Google Cloud on Wednesday unveiled two new TPUs at Cloud Next 2026, splitting its eighth-generation design into a training chip and an inference chip for the first time in the program's decade-long history. TPU 8t claims 121 FP4 exaflops per 9,600-chip superpod and 2.8x better price-performance than Ironwood. TPU 8i pairs 288 GB of high-bandwidth memory with 384 MB of on-chip SRAM, triple the previous generation, and targets the KV-cache pain that is eating inference margins across the industry. Google Cloud CEO Thomas Kurian called the split "a natural evolution."
Read the spec sheet against Nvidia's latest, though, and the competitive story isn't there. Rubin lands at 50 PFLOPS NVFP4 inference, 35 PFLOPS training, 288 GB HBM4, and 22 TB/s memory bandwidth on a single GPU, per Nvidia's own disclosures. The Register's same-day comparison puts TPU 8t at 12.6 PFLOPS FP4 and 6.5 TB/s HBM bandwidth. TPU 8i at 10.1 PFLOPS and 8.6 TB/s. Per accelerator, it isn't close.
That is the wrong comparison. It's also the one Google is counting on you to stop making.
Key Takeaways
- Google's eighth-generation TPUs split training and inference onto separate chips, with TPU 8t claiming 121 exaflops per pod and TPU 8i promising 80% better inference cost.
- Per socket, Nvidia's Rubin still leads TPU 8 on FP4 compute and HBM bandwidth, and MLPerf has no TPU 8 entries to verify Google's claims.
- Anthropic's million-TPU commitment and Meta's reported multibillion-dollar rental deal shift the fight from benchmarks to inference economics.
- Google kept selling Nvidia Vera Rubin instances alongside TPU 8, signaling the goal is cloud margin capture, not Nvidia replacement.
AI-generated summary, reviewed by an editor. More on our AI guidelines.
The per-chip war ended in Santa Clara
Nvidia's per-accelerator roadmap is probably safe through the decade. Rubin carries more bandwidth. More FP4. More NVLink per GPU. Its GTC launch in March bolted that lead onto a seven-chip rack platform, a trillion-dollar order book, and a software moat so deep that CUDA has a stronger hiring pipeline than most mid-cap tech companies. Any honest read of the public record puts Nvidia ahead at the chip level, the rack level, and the benchmark level. MLPerf Training v5.1 has Blackwell entries. TPU 8 has none yet.
So Google isn't trying to win there. TPU 8t's pitch is that a 9,600-chip superpod and a 134,000-chip Virgo fabric matter more than peak FP4, if the job is training a frontier model that lives on Google Cloud and speaks JAX. Pathways. MaxText. The customers Google wants at that scale don't buy chips. They buy multi-year capacity contracts. Anthropic's commitment alone covers up to a million TPUs and roughly 3.5 gigawatts of 2027 capacity through Broadcom, per Broadcom's April SEC filing.
Look at the shape of that. Google sold a chip that has no public MLPerf result by locking in a gigawatt-scale customer first. That isn't a hardware strategy. That's a utility strategy, priced in electricity.
Per chip, Nvidia wins.
At scale, Google competes.
Google Cloud split its eighth-generation TPU at Cloud Next 2026. The single-socket numbers still favor Nvidia Rubin.

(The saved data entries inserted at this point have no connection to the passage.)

(* If $X\subseteq\mathbb{R}^n_\infty$ is compact, then $\mathcal{F}(X)$ is compact.
   Context: $\mathbb{R}^n_\infty$ is $\mathbb{R}^n$ with the $\ell^\infty$-metric. For $1\le i\le n$, $\Lambda_i=\{x:x_i=\|x\|_\infty\}$ and $p+\xi\Lambda_i=\{p+\xi z:z\in\Lambda_i\}$ for $\xi\in\{\pm1\}$. $\mathcal{F}(X)$ is the set of points $p\in\mathbb{R}^n$ such that $(p+\xi\Lambda_i)\cap X\ne\emptyset$ for every $i\in\{1,\dots,n\}$ and $\xi\in\{\pm1\}$. *)

(* R^n_infty is modelled as the row vectors 'rV[R]_n,
   whose canonical normed structure in MathComp-Analysis is the max (l^infty)
   norm `|x| = max_j |x 0 j| (mx_norm), with the induced topology. *)
From HB Require Import structures.
From mathcomp Require Import all_boot all_order all_algebra.
From mathcomp Require Import all_classical all_reals all_analysis.
Set Implicit Arguments. Unset Strict Implicit. Unset Printing Implicit Defensive.
Import Order.TTheory GRing.Theory Num.Theory.
Import numFieldNormedType.Exports.
Local Open Scope classical_set_scope.
Local Open Scope ring_scope.

Definition Lambda (R : realType) (n : nat) (i : 'I_n) : set 'rV[R]_n :=
  [set x : 'rV[R]_n | x 0 i = `|x|].

Definition cone (R : realType) (n : nat) (p : 'rV[R]_n) (xi : R) (i : 'I_n)
  : set 'rV[R]_n :=
  [set p + xi *: z | z in Lambda i].

Definition Fset (R : realType) (n : nat) (X : set 'rV[R]_n) : set 'rV[R]_n :=
  [set p | forall (i : 'I_n) (xi : R), (xi = 1 \/ xi = -1) ->
      cone p xi i `&` X !=set0].

Lemma norm_is_mx_norm (R : realType) (n : nat) (x : 'rV[R]_n) :
  `|x| = mx_norm x.
Proof. by []. Qed.

From HB Require Import structures.
From mathcomp Require Import all_boot all_order all_algebra.
From mathcomp Require Import all_classical all_reals all_analysis.
From mathcomp Require Import ring.

Import Order.TTheory GRing.Theory Num.Theory.
Import numFieldNormedType.Exports.
Local Open Scope classical_set_scope.
Local Open Scope ring_scope.

(* A point x lies in the cone p + xi Lambda_i iff g (x - p) = 0 for the
   2-Lipschitz function g v = xi v_i - |v|.  Hence F(X) is closed: if p is a
   limit of points of F(X) but g (. - p) has no zero on the compact set X, then
   |g (. - p)| has a positive minimum on X, and a point q of F(X) close enough
   to p gives some x in X with g (x - q) = 0, so |g (x - p)| is below that
   minimum.  F(X) is bounded by any bound c of X: the cones p + Lambda_j and
   p - Lambda_j meet X in points x, x' with x'_j <= p_j <= x_j. *)

Section Lipschitz.
Context {R : realType} {V : normedModType R}.

Lemma klipschitz_modulus {W : normedModType R} {k : R} {f : V -> W} :
  k.-lipschitz f -> forall e, 0 < e -> exists2 d, 0 < d &
    forall v w, `|v - w| < d -> `|f v - f w| < e.
Proof.
move=> fk e e0; exists (e / (`|k| + 1)) => [|v w vw]; first by rewrite divr_gt0.
have kvw : k * `|v - w| <= (`|k| + 1) * `|v - w|.
  by rewrite ler_wpM2r // (le_trans (ler_norm k)) // lerDl.
have fvw : `|f v - f w| <= k * `|v - w| := fk (v, w) (conj I I).
have dvw : (`|k| + 1) * `|v - w| < e by rewrite mulrC -ltr_pdivlMr // ltr_wpDl.
exact: le_lt_trans fvw (le_lt_trans kvw dvw).
Qed.

Lemma klipschitz_continuous {W : normedModType R} {k : R} {f : V -> W} :
  k.-lipschitz f -> continuous f.
Proof.
move=> /klipschitz_modulus fk v; apply/cvgrPdist_lt => e /fk[d d0 fd].
by apply/nbhs_normP; exists d => // w; exact: fd.
Qed.

Lemma closed_shifted_zeros {X : set V} {h : V -> R} {k : R} :
  compact X -> k.-lipschitz h ->
  closed [set p | exists2 x, X x & h (x - p) = 0].
Proof.
move=> cX hk p clp; apply: contrapT => noroot.
have [_ [[x0 X0 _] _]] := clp _ (nbhsx_ballx p 1 ltr01).
have hpc : {within X, continuous (fun x => `|h (x - p)|)}.
  apply: continuous_subspaceT => x; apply: cvg_norm.
  apply: (continuous_comp (f := fun y => y - p)).
    exact: cvgB cvg_id (cvg_cst p).
  exact: (klipschitz_continuous hk (x - p)).
have [c /set_mem Xc cmin] := compact_EVT_min (ex_intro _ x0 X0) cX hpc.
have m0 : 0 < `|h (c - p)|.
  by rewrite normr_gt0; apply/eqP => hc0; apply: noroot; exists c.
have [d d0 hd] := klipschitz_modulus hk _ m0.
have [q [[x Xx hx0] pq]] := clp _ (nbhsx_ballx p d d0).
have := cmin x (mem_set Xx); apply/negP; rewrite -ltNge.
rewrite -[X in `|X|]subr0 -hx0; apply: hd.
by rewrite opprB addrC addrA subrK distrC; rewrite -ball_normE in pq.
Qed.

End Lipschitz.

Section RowVectors.
Variables (R : realType) (n : nat).
Implicit Types (v p x : 'rV[R]_n) (X : set 'rV[R]_n) (xi c : R) (i j : 'I_n).

Lemma ler_coord_norm v j : `|v 0 j| <= `|v|.
Proof.
rewrite [leRHS]norm_is_mx_norm mx_normrE; apply/bigmax_geP; right => /=.
by exists (0, j).
Qed.

Lemma row_norm_le v c : 0 <= c -> (forall j, `|v 0 j| <= c) -> `|v| <= c.
Proof.
move=> c0 vc; rewrite [leLHS]norm_is_mx_norm mx_normrE; apply/bigmax_leP.
by split => // -[a j] _ /=; rewrite (ord1 a).
Qed.

Lemma coneP {p x xi i} :
  `|xi| = 1 -> cone p xi i x <-> xi * (x - p) 0 i = `|x - p|.
Proof.
move=> xi1.
have xi2 : xi * xi = 1 by rewrite -expr2 -real_normK ?num_real // xi1 expr1n.
split=> [[z zi <-]|xp].
  by rewrite addrAC subrr add0r mxE mulrA xi2 mul1r normrZ xi1 mul1r zi.
exists (xi *: (x - p)); last by rewrite scalerA xi2 scale1r addrC subrK.
by rewrite /Lambda /= mxE xp normrZ xi1 mul1r.
Qed.

Lemma cone_coord_le {p x xi i} :
  `|xi| = 1 -> cone p xi i x -> xi * p 0 i <= xi * x 0 i.
Proof.
move=> xi1 /(coneP xi1) xp.
by have := normr_ge0 (x - p); rewrite -xp !mxE mulrBr subr_ge0.
Qed.

Lemma Fset_norm_le X c : 0 <= c -> (forall x, X x -> `|x| <= c) ->
  forall p, Fset X p -> `|p| <= c.
Proof.
move=> c0 Xc p Fp; apply: row_norm_le => // j.
have [x1 [cx1 X1]] := Fp j 1 (or_introl erefl).
have [x2 [cx2 X2]] := Fp j (-1) (or_intror erefl).
have := cone_coord_le (normr1 _) cx1; have := cone_coord_le (normrN1 _) cx2.
rewrite !mulN1r !mul1r lerN2 => x2p px1.
have /andP[x2c _] : - c <= x2 0 j <= c.
  by rewrite -ler_norml (le_trans (ler_coord_norm _ _)) ?Xc.
have /andP[_ x1c] : - c <= x1 0 j <= c.
  by rewrite -ler_norml (le_trans (ler_coord_norm _ _)) ?Xc.
by rewrite ler_norml (le_trans x2c x2p) (le_trans px1 x1c).
Qed.

Lemma bounded_Fset X : bounded_set X -> bounded_set (Fset X).
Proof.
rewrite /= /bounded_near => bX; near=> c; apply: Fset_norm_le; near: c.
  exact: nbhs_pinfty_ge.
exact: bX.
Unshelve. all: by end_near.
Qed.

Lemma coord_sub_norm_lipschitz xi i : `|xi| = 1 ->
  2.-lipschitz (fun v : 'rV[R]_n => xi * v 0 i - `|v|).
Proof.
move=> xi1 [v w] _ /=.
have -> : xi * v 0 i - `|v| - (xi * w 0 i - `|w|) =
    xi * (v - w) 0 i + (`|w| - `|v|) by rewrite !mxE; ring.
apply: le_trans (ler_normD _ _) _; rewrite mulr2n mulrDl mul1r lerD //.
  by rewrite normrM xi1 mul1r ler_coord_norm.
by rewrite distrC ler_dist_dist.
Qed.

Lemma closed_cone_meet X xi i : compact X -> `|xi| = 1 ->
  closed [set p | cone p xi i `&` X !=set0].
Proof.
move=> cX xi1.
have -> : [set p | cone p xi i `&` X !=set0] =
    [set p | exists2 x, X x & xi * (x - p) 0 i - `|x - p| = 0].
  apply/seteqP; split => p /= [x].
    by move=> [/(coneP xi1) xp Xx]; exists x => //; rewrite xp subrr.
  by move=> Xx /eqP; rewrite subr_eq0 => /eqP /(coneP xi1) cx; exists x.
exact: closed_shifted_zeros cX (coord_sub_norm_lipschitz xi i xi1).
Qed.

Lemma closed_Fset X : compact X -> closed (Fset X).
Proof.
move=> cX.
have -> : Fset X =
    \bigcap_(ixi in [set ixi : 'I_n * R | ixi.2 = 1 \/ ixi.2 = -1])
      [set p | cone p ixi.2 ixi.1 `&` X !=set0].
  apply/seteqP; split => p Fp => [[i xi] /= xi1 | i xi xi1]; first exact: Fp.
  exact: Fp (i, xi) xi1.
apply: closed_bigI => -[i xi] /= xi1; apply: closed_cone_meet cX _.
by case: xi1 => ->; rewrite ?normrN normr1.
Qed.

End RowVectors.

Theorem proposition5p7 (R : realType) (n : nat) (X : set 'rV[R]_n) :
  compact X -> compact (Fset X).
Proof.
move=> cX; apply: bounded_closed_compact; last exact: closed_Fset.
exact/bounded_Fset/compact_bounded.
Qed.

The cluster, cloud and capacity numbers tell a different story.
Google kept selling Nvidia Vera Rubin instances on the same stage. A company trying to kill Nvidia does not make Nvidia's rack a first-class cloud product. The fight isn't benchmarks. It's margin on the incremental gigawatt.
Inference is where Nvidia bleeds
TPU 8i is the more dangerous chip, even though it looks less impressive on paper. Training is one-time. Serving is forever. Every reasoning step, every agent tool call, every retrieved document runs through inference silicon, and every one of those calls shows up on a bill. Google claims 80% better inference performance per dollar than Ironwood. Whether that holds for your model is a question only a pilot answers. But the architectural choices say Google knows what is actually hurting customers.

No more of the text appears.